__Dataset records__:
--------------------------------

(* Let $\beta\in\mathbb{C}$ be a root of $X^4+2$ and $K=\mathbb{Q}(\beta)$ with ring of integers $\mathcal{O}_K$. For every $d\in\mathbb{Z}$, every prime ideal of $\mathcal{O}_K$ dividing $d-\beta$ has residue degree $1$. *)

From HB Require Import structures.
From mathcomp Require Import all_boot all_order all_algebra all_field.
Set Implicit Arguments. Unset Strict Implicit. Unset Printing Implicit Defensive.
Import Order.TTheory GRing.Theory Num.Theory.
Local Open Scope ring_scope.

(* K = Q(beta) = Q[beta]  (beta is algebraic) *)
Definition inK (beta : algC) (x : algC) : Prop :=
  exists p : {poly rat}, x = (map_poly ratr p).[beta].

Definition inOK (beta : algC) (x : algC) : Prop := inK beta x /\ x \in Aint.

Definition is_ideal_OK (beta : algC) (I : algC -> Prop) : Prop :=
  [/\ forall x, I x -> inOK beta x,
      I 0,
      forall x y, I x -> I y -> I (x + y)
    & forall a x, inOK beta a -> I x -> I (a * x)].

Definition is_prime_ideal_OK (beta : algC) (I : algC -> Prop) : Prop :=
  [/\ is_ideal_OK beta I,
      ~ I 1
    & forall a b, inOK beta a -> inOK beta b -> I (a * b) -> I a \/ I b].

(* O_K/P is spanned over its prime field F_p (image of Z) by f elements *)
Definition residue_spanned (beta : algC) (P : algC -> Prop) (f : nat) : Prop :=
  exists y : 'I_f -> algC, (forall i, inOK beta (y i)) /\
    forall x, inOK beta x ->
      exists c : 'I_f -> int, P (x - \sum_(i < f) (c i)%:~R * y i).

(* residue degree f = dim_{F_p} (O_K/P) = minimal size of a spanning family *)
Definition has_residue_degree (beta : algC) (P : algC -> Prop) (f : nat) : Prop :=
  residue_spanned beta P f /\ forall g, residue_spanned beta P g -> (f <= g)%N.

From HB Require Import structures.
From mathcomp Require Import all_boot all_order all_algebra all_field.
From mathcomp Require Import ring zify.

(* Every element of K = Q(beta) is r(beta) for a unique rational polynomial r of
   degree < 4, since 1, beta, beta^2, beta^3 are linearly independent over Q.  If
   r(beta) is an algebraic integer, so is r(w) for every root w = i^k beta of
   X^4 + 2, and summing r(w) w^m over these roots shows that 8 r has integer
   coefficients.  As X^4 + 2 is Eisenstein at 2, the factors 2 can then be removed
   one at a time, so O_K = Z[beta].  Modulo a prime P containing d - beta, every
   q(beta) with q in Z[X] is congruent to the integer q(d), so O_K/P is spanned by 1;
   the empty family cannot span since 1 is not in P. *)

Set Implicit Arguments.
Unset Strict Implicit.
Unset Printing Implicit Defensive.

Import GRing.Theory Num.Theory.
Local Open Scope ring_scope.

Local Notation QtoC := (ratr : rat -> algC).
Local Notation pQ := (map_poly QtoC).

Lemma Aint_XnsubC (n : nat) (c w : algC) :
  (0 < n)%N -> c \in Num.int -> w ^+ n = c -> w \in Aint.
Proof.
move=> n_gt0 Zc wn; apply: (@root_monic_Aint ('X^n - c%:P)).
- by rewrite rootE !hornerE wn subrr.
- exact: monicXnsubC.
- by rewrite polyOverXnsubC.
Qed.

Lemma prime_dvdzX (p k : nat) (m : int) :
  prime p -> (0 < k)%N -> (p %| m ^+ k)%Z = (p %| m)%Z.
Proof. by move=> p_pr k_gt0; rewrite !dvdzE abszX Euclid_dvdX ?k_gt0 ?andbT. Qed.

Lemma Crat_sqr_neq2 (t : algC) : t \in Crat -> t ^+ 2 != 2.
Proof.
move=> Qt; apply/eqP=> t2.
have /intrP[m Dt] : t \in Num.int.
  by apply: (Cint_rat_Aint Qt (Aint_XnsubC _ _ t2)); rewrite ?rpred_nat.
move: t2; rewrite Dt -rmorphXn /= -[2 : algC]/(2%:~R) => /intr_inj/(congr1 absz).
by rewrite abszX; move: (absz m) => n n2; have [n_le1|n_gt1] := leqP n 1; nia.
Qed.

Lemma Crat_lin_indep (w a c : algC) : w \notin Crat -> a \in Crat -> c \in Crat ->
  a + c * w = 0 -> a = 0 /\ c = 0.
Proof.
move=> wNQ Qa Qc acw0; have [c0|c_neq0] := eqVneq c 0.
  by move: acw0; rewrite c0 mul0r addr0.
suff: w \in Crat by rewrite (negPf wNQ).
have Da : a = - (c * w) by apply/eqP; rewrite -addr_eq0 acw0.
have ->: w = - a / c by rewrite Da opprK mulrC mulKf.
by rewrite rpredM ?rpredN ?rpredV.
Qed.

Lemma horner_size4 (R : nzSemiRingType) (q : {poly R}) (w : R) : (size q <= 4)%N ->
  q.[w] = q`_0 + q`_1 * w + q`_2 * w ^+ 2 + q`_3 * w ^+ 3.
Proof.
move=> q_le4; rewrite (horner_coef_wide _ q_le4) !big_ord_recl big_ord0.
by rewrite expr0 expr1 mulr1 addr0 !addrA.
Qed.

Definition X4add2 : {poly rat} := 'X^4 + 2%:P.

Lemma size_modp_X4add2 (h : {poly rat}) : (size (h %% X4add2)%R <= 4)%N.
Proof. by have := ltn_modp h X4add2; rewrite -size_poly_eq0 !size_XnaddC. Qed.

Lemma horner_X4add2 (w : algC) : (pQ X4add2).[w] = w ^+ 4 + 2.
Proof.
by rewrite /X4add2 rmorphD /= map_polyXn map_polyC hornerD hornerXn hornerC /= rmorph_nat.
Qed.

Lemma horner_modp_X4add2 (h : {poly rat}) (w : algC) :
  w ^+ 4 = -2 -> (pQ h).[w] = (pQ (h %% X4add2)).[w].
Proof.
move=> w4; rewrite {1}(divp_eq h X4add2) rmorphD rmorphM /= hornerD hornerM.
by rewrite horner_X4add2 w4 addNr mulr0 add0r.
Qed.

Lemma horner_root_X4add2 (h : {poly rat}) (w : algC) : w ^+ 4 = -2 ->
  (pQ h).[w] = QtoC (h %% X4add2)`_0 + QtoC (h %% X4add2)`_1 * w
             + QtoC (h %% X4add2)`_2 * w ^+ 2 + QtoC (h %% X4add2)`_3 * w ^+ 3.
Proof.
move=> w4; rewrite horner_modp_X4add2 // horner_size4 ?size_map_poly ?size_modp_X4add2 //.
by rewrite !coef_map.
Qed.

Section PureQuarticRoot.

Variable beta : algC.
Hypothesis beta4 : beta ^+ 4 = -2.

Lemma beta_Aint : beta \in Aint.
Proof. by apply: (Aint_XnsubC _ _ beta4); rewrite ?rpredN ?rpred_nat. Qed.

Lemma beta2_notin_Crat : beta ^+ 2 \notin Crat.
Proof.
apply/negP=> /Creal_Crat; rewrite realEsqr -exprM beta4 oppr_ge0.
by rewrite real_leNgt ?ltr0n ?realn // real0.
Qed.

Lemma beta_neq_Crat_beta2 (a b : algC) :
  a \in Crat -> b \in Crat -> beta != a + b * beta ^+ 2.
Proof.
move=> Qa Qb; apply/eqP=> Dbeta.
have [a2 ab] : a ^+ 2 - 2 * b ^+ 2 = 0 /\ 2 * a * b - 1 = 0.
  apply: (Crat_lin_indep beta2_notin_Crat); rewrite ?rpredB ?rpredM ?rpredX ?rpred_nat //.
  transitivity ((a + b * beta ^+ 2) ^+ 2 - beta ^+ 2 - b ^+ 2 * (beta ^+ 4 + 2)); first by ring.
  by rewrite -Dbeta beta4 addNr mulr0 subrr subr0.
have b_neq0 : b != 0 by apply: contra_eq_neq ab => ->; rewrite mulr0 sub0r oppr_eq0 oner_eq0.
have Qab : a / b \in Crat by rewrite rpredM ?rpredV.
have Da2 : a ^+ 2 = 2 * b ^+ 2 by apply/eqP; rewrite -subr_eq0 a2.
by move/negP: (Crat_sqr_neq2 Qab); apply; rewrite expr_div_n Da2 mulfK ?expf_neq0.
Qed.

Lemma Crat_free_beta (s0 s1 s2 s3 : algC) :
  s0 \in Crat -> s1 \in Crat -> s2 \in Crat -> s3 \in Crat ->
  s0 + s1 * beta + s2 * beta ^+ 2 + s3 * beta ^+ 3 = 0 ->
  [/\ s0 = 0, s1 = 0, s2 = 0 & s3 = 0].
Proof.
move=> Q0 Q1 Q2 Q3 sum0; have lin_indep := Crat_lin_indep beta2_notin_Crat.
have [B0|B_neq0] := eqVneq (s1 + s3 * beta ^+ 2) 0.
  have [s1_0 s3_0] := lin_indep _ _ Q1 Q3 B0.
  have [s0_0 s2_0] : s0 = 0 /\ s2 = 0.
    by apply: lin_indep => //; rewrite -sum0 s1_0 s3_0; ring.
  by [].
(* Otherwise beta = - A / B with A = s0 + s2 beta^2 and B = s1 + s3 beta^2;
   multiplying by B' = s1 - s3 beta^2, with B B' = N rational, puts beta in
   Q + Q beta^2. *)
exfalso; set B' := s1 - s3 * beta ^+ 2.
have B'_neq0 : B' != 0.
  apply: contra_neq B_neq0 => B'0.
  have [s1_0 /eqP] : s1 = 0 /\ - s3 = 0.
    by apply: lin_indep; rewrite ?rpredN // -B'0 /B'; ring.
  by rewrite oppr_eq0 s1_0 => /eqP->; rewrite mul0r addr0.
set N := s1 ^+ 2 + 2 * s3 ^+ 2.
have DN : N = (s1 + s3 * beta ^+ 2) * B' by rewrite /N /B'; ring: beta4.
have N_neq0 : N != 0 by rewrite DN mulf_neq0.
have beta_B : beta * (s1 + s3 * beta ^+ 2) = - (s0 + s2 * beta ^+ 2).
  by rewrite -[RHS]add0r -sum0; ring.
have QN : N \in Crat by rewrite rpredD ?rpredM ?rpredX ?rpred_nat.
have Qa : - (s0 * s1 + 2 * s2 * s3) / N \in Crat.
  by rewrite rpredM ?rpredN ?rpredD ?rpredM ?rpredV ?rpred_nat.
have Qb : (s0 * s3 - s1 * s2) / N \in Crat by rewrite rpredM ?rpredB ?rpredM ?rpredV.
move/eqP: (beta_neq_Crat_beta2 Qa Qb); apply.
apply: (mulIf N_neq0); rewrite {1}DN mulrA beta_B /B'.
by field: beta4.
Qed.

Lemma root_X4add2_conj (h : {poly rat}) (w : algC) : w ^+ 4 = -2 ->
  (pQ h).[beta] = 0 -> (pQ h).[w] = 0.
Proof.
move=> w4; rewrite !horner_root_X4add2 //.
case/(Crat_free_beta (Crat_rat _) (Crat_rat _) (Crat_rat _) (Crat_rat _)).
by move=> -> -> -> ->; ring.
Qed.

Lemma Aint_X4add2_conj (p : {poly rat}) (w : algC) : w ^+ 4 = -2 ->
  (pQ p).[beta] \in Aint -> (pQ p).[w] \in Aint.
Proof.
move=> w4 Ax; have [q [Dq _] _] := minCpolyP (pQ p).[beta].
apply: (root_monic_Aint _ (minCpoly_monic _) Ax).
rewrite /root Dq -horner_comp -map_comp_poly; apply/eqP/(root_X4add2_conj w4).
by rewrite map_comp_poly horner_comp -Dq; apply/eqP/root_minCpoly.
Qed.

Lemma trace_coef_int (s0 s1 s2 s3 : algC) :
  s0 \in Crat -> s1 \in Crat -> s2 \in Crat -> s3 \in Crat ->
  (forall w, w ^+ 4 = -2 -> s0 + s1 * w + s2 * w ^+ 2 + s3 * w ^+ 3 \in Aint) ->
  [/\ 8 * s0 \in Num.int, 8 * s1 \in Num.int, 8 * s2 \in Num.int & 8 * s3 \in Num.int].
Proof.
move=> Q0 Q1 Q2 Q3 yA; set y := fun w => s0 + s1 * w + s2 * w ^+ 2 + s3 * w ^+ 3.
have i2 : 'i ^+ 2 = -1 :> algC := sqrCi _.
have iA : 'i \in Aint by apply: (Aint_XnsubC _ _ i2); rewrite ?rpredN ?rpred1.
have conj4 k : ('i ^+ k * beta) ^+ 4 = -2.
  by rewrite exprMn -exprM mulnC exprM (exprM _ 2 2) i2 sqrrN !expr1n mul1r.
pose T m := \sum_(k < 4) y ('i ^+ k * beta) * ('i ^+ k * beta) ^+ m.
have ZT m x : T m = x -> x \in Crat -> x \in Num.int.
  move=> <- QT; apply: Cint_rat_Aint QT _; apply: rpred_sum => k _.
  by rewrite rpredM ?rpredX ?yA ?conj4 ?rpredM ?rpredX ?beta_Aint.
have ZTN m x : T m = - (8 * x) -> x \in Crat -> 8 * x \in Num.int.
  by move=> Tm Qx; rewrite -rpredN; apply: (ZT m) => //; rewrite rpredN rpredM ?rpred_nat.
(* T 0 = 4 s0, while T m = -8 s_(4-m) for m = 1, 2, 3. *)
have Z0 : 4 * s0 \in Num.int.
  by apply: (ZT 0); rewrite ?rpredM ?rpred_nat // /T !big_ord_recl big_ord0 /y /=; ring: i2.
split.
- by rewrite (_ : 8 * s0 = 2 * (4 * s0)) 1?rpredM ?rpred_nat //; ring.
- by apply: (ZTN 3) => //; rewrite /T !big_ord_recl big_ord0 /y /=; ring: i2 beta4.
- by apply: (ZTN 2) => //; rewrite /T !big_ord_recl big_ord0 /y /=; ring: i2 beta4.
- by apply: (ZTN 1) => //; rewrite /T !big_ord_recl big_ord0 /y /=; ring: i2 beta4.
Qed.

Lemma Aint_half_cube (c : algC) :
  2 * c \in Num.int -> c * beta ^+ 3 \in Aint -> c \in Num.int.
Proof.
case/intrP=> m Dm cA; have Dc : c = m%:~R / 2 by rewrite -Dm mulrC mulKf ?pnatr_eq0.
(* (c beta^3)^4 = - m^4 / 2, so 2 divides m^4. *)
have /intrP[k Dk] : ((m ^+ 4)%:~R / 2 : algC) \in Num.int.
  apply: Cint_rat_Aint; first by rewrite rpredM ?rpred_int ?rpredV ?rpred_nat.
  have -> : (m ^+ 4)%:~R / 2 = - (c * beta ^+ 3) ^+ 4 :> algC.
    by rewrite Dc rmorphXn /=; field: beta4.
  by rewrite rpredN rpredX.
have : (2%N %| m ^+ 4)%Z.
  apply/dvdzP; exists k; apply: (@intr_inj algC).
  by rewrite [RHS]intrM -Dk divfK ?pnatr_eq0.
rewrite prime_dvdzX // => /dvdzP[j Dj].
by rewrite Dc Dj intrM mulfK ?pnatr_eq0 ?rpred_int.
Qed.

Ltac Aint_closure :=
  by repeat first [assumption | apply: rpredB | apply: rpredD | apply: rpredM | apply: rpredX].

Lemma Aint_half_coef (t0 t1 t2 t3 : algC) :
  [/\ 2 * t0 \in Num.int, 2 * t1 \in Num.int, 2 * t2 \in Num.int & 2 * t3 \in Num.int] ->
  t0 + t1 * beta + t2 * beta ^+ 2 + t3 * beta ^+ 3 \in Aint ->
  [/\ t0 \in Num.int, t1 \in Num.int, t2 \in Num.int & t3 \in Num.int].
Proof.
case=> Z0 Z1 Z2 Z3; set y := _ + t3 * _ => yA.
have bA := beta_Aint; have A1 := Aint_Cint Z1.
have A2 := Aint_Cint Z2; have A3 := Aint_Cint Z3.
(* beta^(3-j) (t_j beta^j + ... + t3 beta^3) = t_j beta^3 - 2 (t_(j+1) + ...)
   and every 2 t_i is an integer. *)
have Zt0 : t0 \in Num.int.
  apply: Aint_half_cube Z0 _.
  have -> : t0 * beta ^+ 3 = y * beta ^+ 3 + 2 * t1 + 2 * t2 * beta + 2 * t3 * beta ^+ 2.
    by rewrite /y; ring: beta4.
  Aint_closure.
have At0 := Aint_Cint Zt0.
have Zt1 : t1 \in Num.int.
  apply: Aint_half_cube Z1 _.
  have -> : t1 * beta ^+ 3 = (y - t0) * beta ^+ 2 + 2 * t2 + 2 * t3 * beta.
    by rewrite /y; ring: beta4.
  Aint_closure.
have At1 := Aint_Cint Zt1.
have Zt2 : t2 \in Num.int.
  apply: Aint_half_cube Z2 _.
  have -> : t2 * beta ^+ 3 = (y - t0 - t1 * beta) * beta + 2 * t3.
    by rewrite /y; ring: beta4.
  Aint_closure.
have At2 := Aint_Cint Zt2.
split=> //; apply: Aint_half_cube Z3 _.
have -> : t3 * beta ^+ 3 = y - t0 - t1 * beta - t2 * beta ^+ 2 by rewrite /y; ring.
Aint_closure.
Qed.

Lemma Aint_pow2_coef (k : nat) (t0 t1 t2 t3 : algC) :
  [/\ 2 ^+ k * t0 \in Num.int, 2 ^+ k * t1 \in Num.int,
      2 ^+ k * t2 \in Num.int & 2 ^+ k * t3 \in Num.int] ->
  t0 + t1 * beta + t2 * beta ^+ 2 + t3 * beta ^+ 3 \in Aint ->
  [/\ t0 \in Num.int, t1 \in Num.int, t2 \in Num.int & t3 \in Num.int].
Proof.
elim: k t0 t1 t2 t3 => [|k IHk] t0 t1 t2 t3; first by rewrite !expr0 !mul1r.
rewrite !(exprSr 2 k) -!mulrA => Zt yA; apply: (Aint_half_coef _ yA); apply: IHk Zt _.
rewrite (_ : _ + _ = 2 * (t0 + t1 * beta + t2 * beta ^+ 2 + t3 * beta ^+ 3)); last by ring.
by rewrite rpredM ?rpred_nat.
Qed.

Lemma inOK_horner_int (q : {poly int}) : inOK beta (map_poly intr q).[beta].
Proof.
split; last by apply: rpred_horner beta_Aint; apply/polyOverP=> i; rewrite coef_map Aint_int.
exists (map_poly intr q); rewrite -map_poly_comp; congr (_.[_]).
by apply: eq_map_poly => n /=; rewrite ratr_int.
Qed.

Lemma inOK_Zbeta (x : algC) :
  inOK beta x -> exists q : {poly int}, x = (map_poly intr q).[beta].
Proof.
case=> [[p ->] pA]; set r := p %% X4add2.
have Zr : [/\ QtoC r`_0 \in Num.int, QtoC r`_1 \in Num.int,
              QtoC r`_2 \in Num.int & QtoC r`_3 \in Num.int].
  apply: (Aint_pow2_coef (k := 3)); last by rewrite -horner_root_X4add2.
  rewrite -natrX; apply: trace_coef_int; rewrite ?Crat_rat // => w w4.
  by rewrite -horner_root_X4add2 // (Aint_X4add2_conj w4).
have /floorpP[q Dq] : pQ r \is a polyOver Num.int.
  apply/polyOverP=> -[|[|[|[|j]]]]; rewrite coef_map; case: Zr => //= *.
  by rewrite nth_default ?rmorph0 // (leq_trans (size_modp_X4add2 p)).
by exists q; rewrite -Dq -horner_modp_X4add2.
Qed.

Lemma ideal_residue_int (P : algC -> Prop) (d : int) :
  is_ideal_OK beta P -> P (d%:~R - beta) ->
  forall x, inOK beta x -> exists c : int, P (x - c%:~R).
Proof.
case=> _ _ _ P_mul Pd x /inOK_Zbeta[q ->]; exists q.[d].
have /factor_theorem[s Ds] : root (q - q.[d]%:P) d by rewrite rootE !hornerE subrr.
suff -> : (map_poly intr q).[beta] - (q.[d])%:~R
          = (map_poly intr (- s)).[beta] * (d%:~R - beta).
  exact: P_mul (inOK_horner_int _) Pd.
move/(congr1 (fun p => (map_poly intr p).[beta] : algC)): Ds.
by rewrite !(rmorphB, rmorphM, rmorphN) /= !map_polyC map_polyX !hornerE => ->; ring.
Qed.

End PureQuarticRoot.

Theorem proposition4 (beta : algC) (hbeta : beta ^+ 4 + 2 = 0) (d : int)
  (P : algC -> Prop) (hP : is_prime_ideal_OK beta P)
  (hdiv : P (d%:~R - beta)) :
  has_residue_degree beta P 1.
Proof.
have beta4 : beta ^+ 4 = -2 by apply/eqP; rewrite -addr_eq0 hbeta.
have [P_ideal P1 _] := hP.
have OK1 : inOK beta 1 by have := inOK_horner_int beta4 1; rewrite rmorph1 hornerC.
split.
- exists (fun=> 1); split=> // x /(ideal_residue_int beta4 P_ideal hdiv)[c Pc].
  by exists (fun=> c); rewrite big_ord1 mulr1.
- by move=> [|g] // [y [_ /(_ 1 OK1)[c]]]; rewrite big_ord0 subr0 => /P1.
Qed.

--------------------------------

Write out exactly the lines from the beginning of the material above through the line with "From mathcomp Require Import ring zify.", including both and omitting all others.

__Exercise response__:
(* Let $\beta\in\mathbb{C}$ be a root of $X^4+2$ and $K=\mathbb{Q}(\beta)$ with ring of integers $\mathcal{O}_K$. For every $d\in\mathbb{Z}$, every prime ideal of $\mathcal{O}_K$ dividing $d-\beta$ has residue degree $1$. *)

From HB Require Import structures.
From mathcomp Require Import all_boot all_order all_algebra all_field.
Set Implicit Arguments. Unset Strict Implicit. Unset Printing Implicit Defensive.
Import Order.TTheory GRing.Theory Num.Theory.
Local Open Scope ring_scope.

(* K = Q(beta) = Q[beta]  (beta is algebraic) *)
Definition inK (beta : algC) (x : algC) : Prop :=
  exists p : {poly rat}, x = (map_poly ratr p).[beta].

Definition inOK (beta : algC) (x : algC) : Prop := inK beta x /\ x \in Aint.

Definition is_ideal_OK (beta : algC) (I : algC -> Prop) : Prop :=
  [/\ forall x, I x -> inOK beta x,
      I 0,
      forall x y, I x -> I y -> I (x + y)
    & forall a x, inOK beta a -> I x -> I (a * x)].

Definition is_prime_ideal_OK (beta : algC) (I : algC -> Prop) : Prop :=
  [/\ is_ideal_OK beta I,
      ~ I 1
    & forall a b, inOK beta a -> inOK beta b -> I (a * b) -> I a \/ I b].

(* O_K/P is spanned over its prime field F_p (image of Z) by f elements *)
Definition residue_spanned (beta : algC) (P : algC -> Prop) (f : nat) : Prop :=
  exists y : 'I_f -> algC, (forall i, inOK beta (y i)) /\
    forall x, inOK beta x ->
      exists c : 'I_f -> int, P (x - \sum_(i < f) (c i)%:~R * y i).

(* residue degree f = dim_{F_p} (O_K/P) = minimal size of a spanning family *)
Definition has_residue_degree (beta : algC) (P : algC -> Prop) (f : nat) : Prop :=
  residue_spanned beta P f /\ forall g, residue_spanned beta P g -> (f <= g)%N.

From HB Require Import structures.
From mathcomp Require Import all_boot all_order all_algebra all_field.
From mathcomp Require Import ring zify.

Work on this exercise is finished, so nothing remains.